750 mil cearenses estão sem acesso a serviços bancários após explosões de agências em assaltos

Após o ataque à agência do Banco do Brasil, em Farias Brito, no Cariri, na quinta-feira (13), os moradores sentem na pele o drama de não terem mais agência bancária. Com isso, eles precisam se deslocar a outras cidades para realizar transações bancárias.
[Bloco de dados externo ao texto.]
Lemma continuous_bootstrap (P : R -> R) (M T : R) :
  (forall t, 0 <= t -> continuity_pt P t) -> P 0 <= M ->
  (forall t, 0 <= t -> (forall s, 0 <= s <= t -> P s <= M) -> P t < M) ->
  0 <= T -> forall s, 0 <= s <= T -> P s <= M.
Proof.
intros Hc H0 Hstep hT.
set (E := fun x => 0 <= x <= T /\ forall s, 0 <= s <= x -> P s <= M).
assert (hE0 : E 0).
{ split; [lra|]. intros s hs. replace s with 0 by lra. exact H0. }
destruct (completeness E ltac:(exists T; intros x [hx _]; lra) (ex_intro _ 0 hE0))
  as [ts [hub hlub]].
assert (hts0 : 0 <= ts) by (apply hub; exact hE0).
assert (htsT : ts <= T) by (apply hlub; intros x [hx _]; lra).
assert (Hbefore : forall s, 0 <= s < ts -> P s <= M).
{ intros s hs. apply NNPP. intros hn.
  assert (is_upper_bound E s) as Hs.
  { intros x [hx Hx]. apply Rnot_lt_le. intros hsx. apply hn, Hx. lra. }
  specialize (hlub s Hs). lra. }
assert (Hupto : forall s, 0 <= s <= ts -> P s <= M).
{ intros s hs. destruct (Req_dec s ts) as [-> | hne]; [|apply Hbefore; lra].
  destruct (Req_dec ts 0) as [-> | hne0]; [exact H0|].
  apply le_at_of_le_before; [apply Hc | lra | exact Hbefore]; lra. }
destruct (Req_dec ts T) as [<- | hne]; [exact Hupto|].
exfalso.
assert (Hlt := Hstep ts hts0 Hupto).
destruct (continuity_pt_near P ts (M - P ts) (Hc ts hts0) ltac:(lra)) as [d [hd Hd]].
set (x := Rmin T (ts + d / 2)).
assert (ts < x) by (unfold x; apply Rmin_glb_lt; lra).
assert (x <= T) by apply Rmin_l.
assert (x <= ts + d / 2) by apply Rmin_r.
assert (hEx : E x).
{ split; [lra|]. intros s hs.
  destruct (Rle_lt_dec s ts) as [h | h]; [apply Hupto; lra|].
  assert (hsts : Rabs (s - ts) < d) by (rewrite Rabs_right by lra; lra).
  specialize (Hd s hsts). apply Rabs_def2 in Hd. lra. }
specialize (hub x hEx). lra.
Qed.

Lemma nonincreasing_of_deriv_nonpos f f' s : 0 <= s ->
  (forall u, 0 <= u <= s -> derivable_pt_lim f u (f' u)) ->
  (forall u, 0 <= u <= s -> f' u <= 0) -> f s <= f 0.
Proof.
intros hs Hd Hneg. destruct (Req_dec s 0) as [-> | hs0]; [lra|].
destruct (MVT_cor2 f f' 0 s ltac:(lra) Hd) as [u [eq hu]].
assert (f' u <= 0) by (apply Hneg; lra). nra.
Qed.

(* Y is only differentiable from the right at 0; extending it affinely to
   t < 0 gives a function with a two-sided derivative on [0, oo), to which the
   mean value theorem applies. *)
Definition Yext (Y Y' : R -> R) (t : R) : R :=
  if Rle_dec 0 t then Y t else Y 0 + t * Y' 0.

Lemma Yext_eq Y Y' t : 0 <= t -> Yext Y Y' t = Y t.
Proof. intros ht. unfold Yext. destruct (Rle_dec 0 t); [reflexivity | lra]. Qed.

Lemma Yext_deriv Y Y' t : C1_Rplus Y Y' -> 0 <= t ->
  derivable_pt_lim (Yext Y Y') t (Y' t).
Proof.
intros [HD _] ht eps heps.
destruct (HD t ht eps heps) as [d [hd Hd]].
destruct (Req_dec t 0) as [-> | ht0].
- exists (mkposreal d hd). intros h hh hlt. simpl in hlt.
  rewrite (Yext_eq _ _ 0), Rplus_0_l by lra.
  destruct (Rle_dec 0 h) as [hp | hn].
  + rewrite Yext_eq by lra.
    specialize (Hd h hh ltac:(lra) hlt). rewrite Rplus_0_l in Hd. exact Hd.
  + unfold Yext. destruct (Rle_dec 0 h); [lra|].
    replace ((Y 0 + h * Y' 0 - Y 0) / h - Y' 0) with 0 by (field; exact hh).
    rewrite Rabs_R0. exact heps.
- assert (hdt : 0 < Rmin d t) by (apply Rmin_pos; lra).
  exists (mkposreal _ hdt). intros h hh hlt. simpl in hlt.
  assert (Rabs h < d) by (eapply Rlt_le_trans; [exact hlt | apply Rmin_l]).
  assert (hht : Rabs h < t) by (eapply Rlt_le_trans; [exact hlt | apply Rmin_r]).
  assert (0 <= t + h) by (apply Rabs_def2 in hht; lra).
  rewrite !Yext_eq by lra. apply Hd; assumption.
Qed.

Lemma Rpower_one_minus_div x a : 0 < x -> Rpower x (1 - a) / x = / Rpower x a.
Proof.
intros hx. replace (1 - a) with (1 + - a) by ring.
rewrite Rpower_plus, Rpower_1, Rpower_Ropp by exact hx.
field. split; [apply Rgt_not_eq, Rpower_pos | lra].
Qed.

(* If y (1+u)^a <= M, the quadratic term C y^2 is at most
   C M (1+u)^(-a) y, a linear term with an integrable coefficient. *)
Lemma quadratic_absorb C a M y u : 0 < C -> 0 <= u -> 0 <= y ->
  y * Rpower (1 + u) a <= M ->
  C * y ^ 2 <= C * M * Rpower (1 + u) (1 - a) / (1 + u) * y.
Proof.
intros hC hu hy hyM.
assert (hE := Rpower_pos (1 + u) a).
replace (C * M * Rpower (1 + u) (1 - a) / (1 + u) * y)
  with (C * y * (M * (Rpower (1 + u) (1 - a) / (1 + u)))) by (field; lra).
rewrite Rpower_one_minus_div by lra.
assert (y <= M * / Rpower (1 + u) a).
{ apply (Rmult_le_reg_r (Rpower (1 + u) a)); [exact hE|].
  rewrite Rmult_assoc, Rinv_l by lra. lra. }
replace (C * y ^ 2) with (C * y * y) by ring.
apply Rmult_le_compat_l; [nra | exact H].
Qed.

(* If y (1+u)^a <= M, the superlinear term C (1+u)^(m'-1) y^(m+1) is at most
   C M^m (1+u)^(m'-ma-1) y, a linear term with an integrable coefficient
   since m' < ma. *)
Lemma power_absorb C a m m' M y u : 0 < C -> 0 < m -> 0 <= u -> 0 <= y ->
  y * Rpower (1 + u) a <= M ->
  C * Rpower (1 + u) (m' - 1) * rpow y (m + 1) <=
  C * Rpower M m * Rpower (1 + u) (m' - m * a) / (1 + u) * y.
Proof.
intros hC hm hu hy hyM. unfold rpow.
destruct (Rlt_dec 0 y) as [hy0 | hy0].
2:{ replace y with 0 by lra. rewrite !Rmult_0_r. lra. }
assert (hx : 0 < 1 + u) by lra.
assert (hM : 0 < M) by (assert (h := Rpower_pos (1 + u) a); nra).
assert (hy_le : y <= M * Rpower (1 + u) (- a)).
{ rewrite Rpower_Ropp.
  apply (Rmult_le_reg_r (Rpower (1 + u) a)); [apply Rpower_pos|].
  rewrite Rmult_assoc, Rinv_l by (apply Rgt_not_eq, Rpower_pos). lra. }
assert (hym : Rpower y m <= Rpower M m * Rpower (1 + u) (- (m * a))).
{ replace (- (m * a)) with (- a * m) by ring.
  rewrite <- Rpower_mult, Rpower_mult_distr by (try exact hM; apply Rpower_pos).
  apply Rle_Rpower_l; lra. }
assert (hsplit : Rpower y (m + 1) = Rpower y m * y)
  by (rewrite Rpower_plus, Rpower_1 by exact hy0; reflexivity).
assert (hexp : Rpower (1 + u) (m' - 1) * Rpower (1 + u) (- (m * a))
               = Rpower (1 + u) (m' - m * a) / (1 + u)).
{ rewrite <- Rpower_plus. replace (m' - m * a) with (m' - 1 - m * a + 1) by ring.
  rewrite (Rpower_plus _ 1), Rpower_1 by exact hx.
  replace (m' - 1 + - (m * a)) with (m' - 1 - m * a) by ring. field; lra. }
rewrite hsplit, <- Rmult_assoc.
apply Rle_trans with (C * Rpower (1 + u) (m' - 1) * (Rpower M m * Rpower (1 + u) (- (m * a))) * y).
- apply Rmult_le_compat_r; [lra|].
  apply Rmult_le_compat_l; [|exact hym].
  apply Rmult_le_pos; [lra | left; apply Rpower_pos].
- right. replace (C * Rpower M m * Rpower (1 + u) (m' - m * a) / (1 + u) * y)
    with (C * Rpower M m * (Rpower (1 + u) (m' - m * a) / (1 + u)) * y) by (unfold Rdiv; ring).
  rewrite <- hexp. ring.
Qed.

(* The coefficient g of the absorbed terms, with A = C M and B = C M^m. *)
Definition absorb_rate (a m m' A B t : R) : R :=
  A * Rpower (1 + t) (1 - a) / (1 + t) + B * Rpower (1 + t) (m' - m * a) / (1 + t).

(* G(t) = int_0^t g, computed in closed form. *)
Definition absorb_integral (a m m' A B t : R) : R :=
  A / (a - 1) * (1 - Rpower (1 + t) (1 - a))
  + B / (m * a - m') * (1 - Rpower (1 + t) (m' - m * a)).

(* H(t) = (1+t)^a exp(-Ct/(1+t) - G(t)) = exp(int_0^t k). *)
Definition integrating_factor (C a m m' A B t : R) : R :=
  exp (a * ln (1 + t) - C * t / (1 + t) - absorb_integral a m m' A B t).

Lemma integrating_factor_deriv C a m m' A B t : 1 < a -> m' < m * a -> 0 <= t ->
  derivable_pt_lim (integrating_factor C a m m' A B) t
    (integrating_factor C a m m' A B t
     * (a / (1 + t) - C / (1 + t) ^ 2 - absorb_rate a m m' A B t)).
Proof.
intros ha hm ht. apply is_derive_Reals.
unfold integrating_factor, absorb_integral, absorb_rate, Rpower.
auto_derive.
- repeat split; lra.
- match goal with |- _ * exp ?x = exp ?y * _ => replace x with y by (field; lra) end.
  field. lra.
Qed.

Lemma absorb_integral_0 a m m' A B : absorb_integral a m m' A B 0 = 0.
Proof. unfold absorb_integral, Rpower. rewrite Rplus_0_r, ln_1, !Rmult_0_r, exp_0. ring. Qed.

Lemma absorb_integral_le a m m' A B t : 1 < a -> m' < m * a -> 0 <= A -> 0 <= B ->
  absorb_integral a m m' A B t <= A / (a - 1) + B / (m * a - m').
Proof.
intros ha hm hA hB. unfold absorb_integral.
assert (0 <= A / (a - 1)) by (apply Rle_mult_inv_pos; lra).
assert (0 <= B / (m * a - m')) by (apply Rle_mult_inv_pos; lra).
assert (h1 := exp_pos ((1 - a) * ln (1 + t))).
assert (h2 := exp_pos ((m' - m * a) * ln (1 + t))).
unfold Rpower. nra.
Qed.

Section APriori.

Variables (C a m m' M : R) (Y Y' : R -> R).
Hypotheses (hC : 0 < C) (ha : 1 < a) (hm : 0 < m) (hm' : m' < m * a) (hM : 0 < M).
Hypothesis hsmall : C * M / (a - 1) + C * Rpower M m / (m * a - m') <= 1 / 2.
Hypothesis HC1 : C1_Rplus Y Y'.
Hypothesis Hpos : forall t, 0 <= t -> 0 <= Y t.
Hypothesis Hineq : forall t, 0 <= t ->
  Y' t + a / (1 + t) * Y t <=
  C * (Y t / (1 + t) ^ 2 + Y t ^ 2 + Rpower (1 + t) (m' - 1) * rpow (Y t) (m + 1)).

Let A := C * M.
Let B := C * Rpower M m.
Let H := integrating_factor C a m m' A B.
Let rate u := a / (1 + u) - C / (1 + u) ^ 2 - absorb_rate a m m' A B u.

Lemma damped_inequality u : 0 <= u -> Y u * Rpower (1 + u) a <= M ->
  Y' u + rate u * Y u <= 0.
Proof.
intros hu hYM.
assert (hq := quadratic_absorb C a M (Y u) u hC hu (Hpos u hu) hYM).
assert (hp := power_absorb C a m m' M (Y u) u hC hm hu (Hpos u hu) hYM).
assert (hi := Hineq u hu).
replace (C * (Y u / (1 + u) ^ 2 + Y u ^ 2 + Rpower (1 + u) (m' - 1) * rpow (Y u) (m + 1)))
  with (C / (1 + u) ^ 2 * Y u + C * Y u ^ 2
        + C * Rpower (1 + u) (m' - 1) * rpow (Y u) (m + 1)) in hi by (field; lra).
unfold rate, absorb_rate, A, B.
replace ((a / (1 + u) - C / (1 + u) ^ 2 -
          (C * M * Rpower (1 + u) (1 - a) / (1 + u)
           + C * Rpower M m * Rpower (1 + u) (m' - m * a) / (1 + u))) * Y u)
  with (a / (1 + u) * Y u - C / (1 + u) ^ 2 * Y u
        - C * M * Rpower (1 + u) (1 - a) / (1 + u) * Y u
        - C * Rpower M m * Rpower (1 + u) (m' - m * a) / (1 + u) * Y u) by ring.
lra.
Qed.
Somente em 2018, 30 instituições financeiras foram atacadas no Ceará, informa a Jangadeiro FM.

O prédio que ficou totalmente destruído com o impacto das explosões era a única agência do Banco do Brasil em Farias Brito. De acordo com a polícia, cerca de 15 homens fortemente armados com fuzis e escopetas sitiaram a cidade, na madrugada desta quinta-feira, para roubar o dinheiro e destruir o banco. A quadrilha fugiu e até o momento não foi presa, segundo a secretaria da segurança do Ceará.

Dor de cabeça para os clientes da agência, que agora têm que viajar para outras cidades, como Várzea Alegre e Crato, a mais de 450 km de distância, gastando dinheiro que, muitas vezes, não têm no bolso.

“Não tô podendo sacar, depositar, fazer nada. A cidade morreu, a gente vai pra Várzea Alegre. De certa forma, a população fica prejudicada, né? Porque a gente fica sem ter como fazer a movimentação bancária. Praticamente a cidade tá sem movimentação financeira”, disse uma moradora.

38 municípios cearenses estão com dificuldades no atendimento bancário, prejudicando cerca 750 mil cearenses, segundo o Sindicato dos Bancários. Conforme o presidente da instituição, Bosco Mota, para evitar novos ataques alguns bancos funcionam sem dinheiro nos cofres.

Em média, 200 bancários estão sem lugar fixo para trabalhar, segundo o sindicato dos bancários do Ceará. Das agências atacadas este ano, 11 são do Banco do Brasil e 15 do Bradesco.“A gente fica com as mãos amarradas. Em Madalena e Assaré estão sendo reconstruídas e vão funcionar sem dinheiro. Tá funcionando só com o dinheiro que os comerciantes depositam. Eles botam na máquina e vão pagando as pessoas. Algumas cidades, se botar o dinheiro, no outro dia é explodido de novo”, contou Bosco Mota.